High temperature affects the central nervous system. Both depression and activation of higher nervous activity may occur. The clinical picture includes headache, drowsiness, apathy, hyperesthesia. Young children may have delirium and hallucinations.
The febrile process can affect the respiratory function by increasing the respiratory rate. For every 1 °C above 37 °C, the number of respiratory movements increases by 4 breaths per minute, and the heart rate increases by 20 beats.
Despite this, the oxygen supply no longer meets the growing tissue needs, and relative hypoxia eventually develops. The degree of hyperthermia at which these disorders occur is very variable. Most often, it corresponds to a body temperature of 39-40 °C, but depends on the individual characteristics of the child's body. The younger the child, the more severe the neonatal period was (especially if there are already associated injuries), the earlier decompensation develops.
In febrile conditions, a negative nitrogen balance is often detected - an increase in the excretion of nitrogenous metabolic products in the urine. The reasons for this are intoxication with increased protein catabolism and starvation caused by a decrease in appetite and deterioration in the digestibility of food. The predominance of catabolic processes over anabolic ones is also associated with the action of endogenous pyrogens, IL-1 and TNF-alpha. These cytokines are also responsible for reducing the activity of lipoprotein kinase and blocking neolipogenesis in adipose tissue. Changes in the carbohydrate process occur mainly due to the activation of the hypothalamic-pituitary-adrenal system. Glycogenolysis processes are activated in the liver, glycogen reserves decrease, and hyperglycemia is noted in the blood.

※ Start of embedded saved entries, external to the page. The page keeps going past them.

Lemma piece_comp C s P : P \in [:: Cl C s; Cr C s; Cp C s] -> P != set0 ->
  exists2 v, tedge s v & P = comp (C :\ s) v.
Proof.
have piece_of_pred (R : pred (node T)) : (forall v, R v -> tedge s v) ->
    (forall v1 v2, R v1 -> R v2 -> v1 = v2) ->
    [set w | [exists v, R v && (w \in comp (C :\ s) v)]] != set0 ->
    exists2 v, tedge s v & [set w | [exists v, R v && (w \in comp (C :\ s) v)]] = comp (C :\ s) v.
  move=> Rs uR /set0Pn[w]; rewrite inE => /existsP[v /andP[Rv _]].
  exists v; first exact: Rs.
  apply/setP => u; rewrite inE; apply/existsP/idP => [[v' /andP[Rv' hu]]|hu].
    by rewrite -(uR _ _ Rv' Rv).
  by exists v; rewrite Rv.
have child_uniq b v1 v2 : is_child s b v1 -> is_child s b v2 -> v1 = v2.
  by move=> /eqP e1 /eqP e2; apply: val_inj; rewrite e1 e2.
rewrite !inE => /or3P[] /eqP->; apply: piece_of_pred; try exact: child_uniq.
- by move=> v hv; rewrite /tedge /parent_of hv.
- by move=> v hv; rewrite /tedge /parent_of hv orbT.
- by move=> v hv; rewrite /tedge hv orbT.
- by move=> v1 v2; apply: parent_of_uniq.
Qed.

Definition no_from_below C := forall x, ~~ from_below C x.
Definition unique_from_below C := forall x z, from_below C x -> from_below C z -> x = z.

Lemma no_from_below_unique C : no_from_below C -> unique_from_below C.
Proof. by move=> nfb x z; rewrite (negbTE (nfb x)). Qed.

Lemma no_from_below_setT : no_from_below [set: node T].
Proof. by move=> x; apply/negP => /andP[_ /existsP[y]]; rewrite inE andbF. Qed.

Lemma from_below_comp C s v z : tedge s v -> from_below (comp (C :\ s) v) z ->
  from_below C z \/ parent_of v s /\ parent_of z s.
Proof.
move=> sv /andP[zP /existsP[y /andP[zy yP]]].
have /setD1P[_ zC] := comp_subset zP.
have [yC|yC] := boolP (y \in C); last first.
  by left; rewrite /from_below zC; apply/existsP; exists y; rewrite zy.
have [eys|nys] := eqVneq y s; last first.
  by rewrite (comp_closed zP) ?inE ?nys // /tedge zy in yP.
subst y; case/orP: sv => [sv|vs]; last by right.
by rewrite (negbTE (child_nanc_parent sv (comp_child_anc sv zP))) in zy.
Qed.

Section Pieces.
Variables (C : {set node T}) (s v : node T).
Hypotheses (uC : unique_from_below C) (split_s : split_ok C s) (sv : tedge s v).
Let P := comp (C :\ s) v.

Lemma from_below_piece z : from_below P z ->
  parent_of v s /\ parent_of z s \/ ~~ parent_of v s /\ from_below C z.
Proof.
move=> zfb; have zP : z \in P by case/andP: zfb.
have [zC|[vs zs]] := from_below_comp sv zfb; last by left.
right; split=> //; apply/negP => vs.
have [c [_ [[nfb _]|[x [xfb sxc]]]]] := split_s; first by move: (nfb z); rewrite zC.
have zx := uC zC xfb; subst x.
by case/and3P: sxc; rewrite (negbTE (comp_parent_nanc vs zP)).
Qed.

Lemma unique_from_below_piece : unique_from_below P.
Proof.
move=> z1 z2 /from_below_piece[[vs p1]|[nvs f1]] /from_below_piece[[vs' p2]|[nvs' f2]].
- exact: parent_of_uniq p1 p2.
- by rewrite vs in nvs'.
- by rewrite vs' in nvs.
- exact: uC.
Qed.
(* Assume the standing hypotheses below. Let $T=R[\lambda]$ with a new indeterminate $\lambda$, and set $F_1=f(\lambda^4w,\lambda^3x,\lambda y,z)=\sum_i f^{(i,4d_1-i)}\lambda^i$, $G_1=g(\lambda^4w,\lambda^3x,\lambda y,z)=\sum_j g^{(j,4d_2-j)}\lambda^j$, and $\tilde F_1=F_1/\lambda^{i_{\min}}$, $\tilde G_1=G_1/\lambda^{j_{\min}}$. Then $$\sqrt{(\tilde F_1,\tilde G_1)T}=\sqrt{(\lambda,f_{\min},g_{\min})T}\cap\mathfrak pT.$$
   Context: Let $k$ be an algebraically closed field of characteristic zero, $R=k[w,x,y,z]$, and let $\mathfrak p\subseteq R$ be the homogeneous prime ideal of Macaulay's curve $C_4\subseteq\mathbb P^3_k$, the curve with parametrization $[s^4:s^3t:st^3:t^4]$. Endow $R$ with the bigrading $\deg w=(4,0)$, $\deg x=(3,1)$, $\deg y=(1,3)$, $\deg z=(0,4)$; $\mathfrak p$ is bihomogeneous. Standing hypothesis: $f,g\in\mathfrak p$ are homogeneous (in the usual grading) of degrees $d_1,d_2$ with $\sqrt{(f,g)R}=\mathfrak p$. Write $f=\sum_{i=i_{\min}}^{i_{\max}} f^{(i,4d_1-i)}$ and $g=\sum_{j=j_{\min}}^{j_{\max}} g^{(j,4d_2-j)}$ as sums of bihomogeneous components, where $f^{(i,4d_1-i)}$ is the component of bidegree $(i,4d_1-i)$ and $i_{\min},i_{\max},j_{\min},j_{\max}$ are chosen so that $f_{\min}:=f^{(i_{\min},4d_1-i_{\min})}$, $f_{\max}:=f^{(i_{\max},4d_1-i_{\max})}$, $g_{\min}:=g^{(j_{\min},4d_2-j_{\min})}$, $g_{\max}:=g^{(j_{\max},4d_2-j_{\max})}$ are all nonzero. *)

From HB Require Import structures.
From mathcomp Require Import all_boot all_order all_algebra.
Set Implicit Arguments. Unset Strict Implicit. Unset Printing Implicit Defensive.
Import Order.TTheory GRing.Theory.
Local Open Scope ring_scope.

High temperature is often accompanied by changes in water and electrolyte balance. At stage I, increased renal blood flow is accompanied by increased diuresis. At stage II, diuresis decreases, and water is retained. Due to increased secretion of aldosterone, the excretion of sodium ions from the body is limited, and, accordingly, fewer chlorine ions are released. At stage III of fever, diuresis increases again, and the secretion of water, sodium ions, and chlorine by sweat glands increases.

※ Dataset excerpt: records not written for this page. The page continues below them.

Lemma card_fixed_diagrams (h : {perm 'I_N}) :
  #|[set z | h z == z]| <= 2 -> #|fixed_diagrams h| <= cent_bound N.
Proof.
move=> hfix; rewrite -(card_imset _ ffun_of_perm_inj).
have := card_comm_invs_le setT hfix; rewrite cardsT card_ord; apply: leq_trans.
apply/subset_leq_card/subsetP => _ /imsetP[m mF ->].
by move: mF; rewrite comm_invs_ffun_of_perm inE.
Qed.

Definition dih_perm p : {perm 'I_N} := perm (@dihf_inj n' p.1 p.2).

Lemma dih_permE (b : bool) (a : 'I_N) i : dih_perm (b, a) i = dihf b a i.
Proof. by rewrite permE. Qed.

Lemma card_dih : #|[set: G]| = 4 * n.
Proof. by rewrite cardsT card_prod card_bool card_ord; lia. Qed.

Definition conjd p m : {perm 'I_N} := ((dih_perm p)^-1 * m * dih_perm p)%g.

Lemma conjdE p m i : conjd p m i = dih_perm p (m ((dih_perm p)^-1%g i)).
Proof. by rewrite !permM. Qed.

Lemma conjd_chord p m : m \in X -> conjd p m \in X.
Proof.
move=> /chord_diagramsP mX; apply/chord_diagramsP => i; rewrite !conjdE permK.
have [mK mi] := mX ((dih_perm p)^-1%g i); split; first by rewrite mK permKV.
by apply: contra mi => /eqP eq_i; rewrite -(inj_eq (@perm_inj _ (dih_perm p))) eq_i permKV.
Qed.

Lemma dih_equivP m m' : dih_equiv m m' <-> exists p, m' = conjd p m.
Proof.
split=> [[b [a eq_m']] | [[b a] ->]]; last first.
  by exists b, a => i; rewrite conjdE -!dih_permE permK.
exists (b, a); apply/permP => j.
by rewrite conjdE -{1}(permKV (dih_perm (b, a)) j) !dih_permE eq_m'.
Qed.

Lemma dih_equiv_refl m : dih_equiv m m.
Proof. by exists false, (0%R : 'Z_N) => i; rewrite !dihf0. Qed.

Lemma dih_equiv_sym m m' : dih_equiv m m' -> dih_equiv m' m.
Proof.
case=> b [a eq_m']; exists b, (dih_inv b a) => j.
by have := eq_m' (dihf b (dih_inv b a) j); rewrite dihfVK => ->; rewrite dihfK.
Qed.

Lemma dih_equiv_trans m1 m2 m3 : dih_equiv m1 m2 -> dih_equiv m2 m3 -> dih_equiv m1 m3.
Proof.
case=> b1 [a1 eq12] [b2 [a2 eq23]]; exists (b2 (+) b1), (dih_comp b2 a2 b1 a1) => i.
by rewrite -!dihf_comp eq23 eq12.
Qed.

It is advisable to consider each increase in temperature from a prognostic standpoint.
If heat production corresponds to heat emission, the child develops a favorable, so-called "pink" fever. It got its name from the color of the patient's skin. The skin is moderately hyperemic, warm, moist to the touch. The child's behavior practically does not change.
If, against the background of hyperthermia, the patient feels cold, chills, his skin is pale, with a cyanotic tint of the nail beds and lips, the extremities are cold, and the increase in body temperature progresses, then this is "pale" fever. It is accompanied by tachycardia, shortness of breath, and convulsions are possible.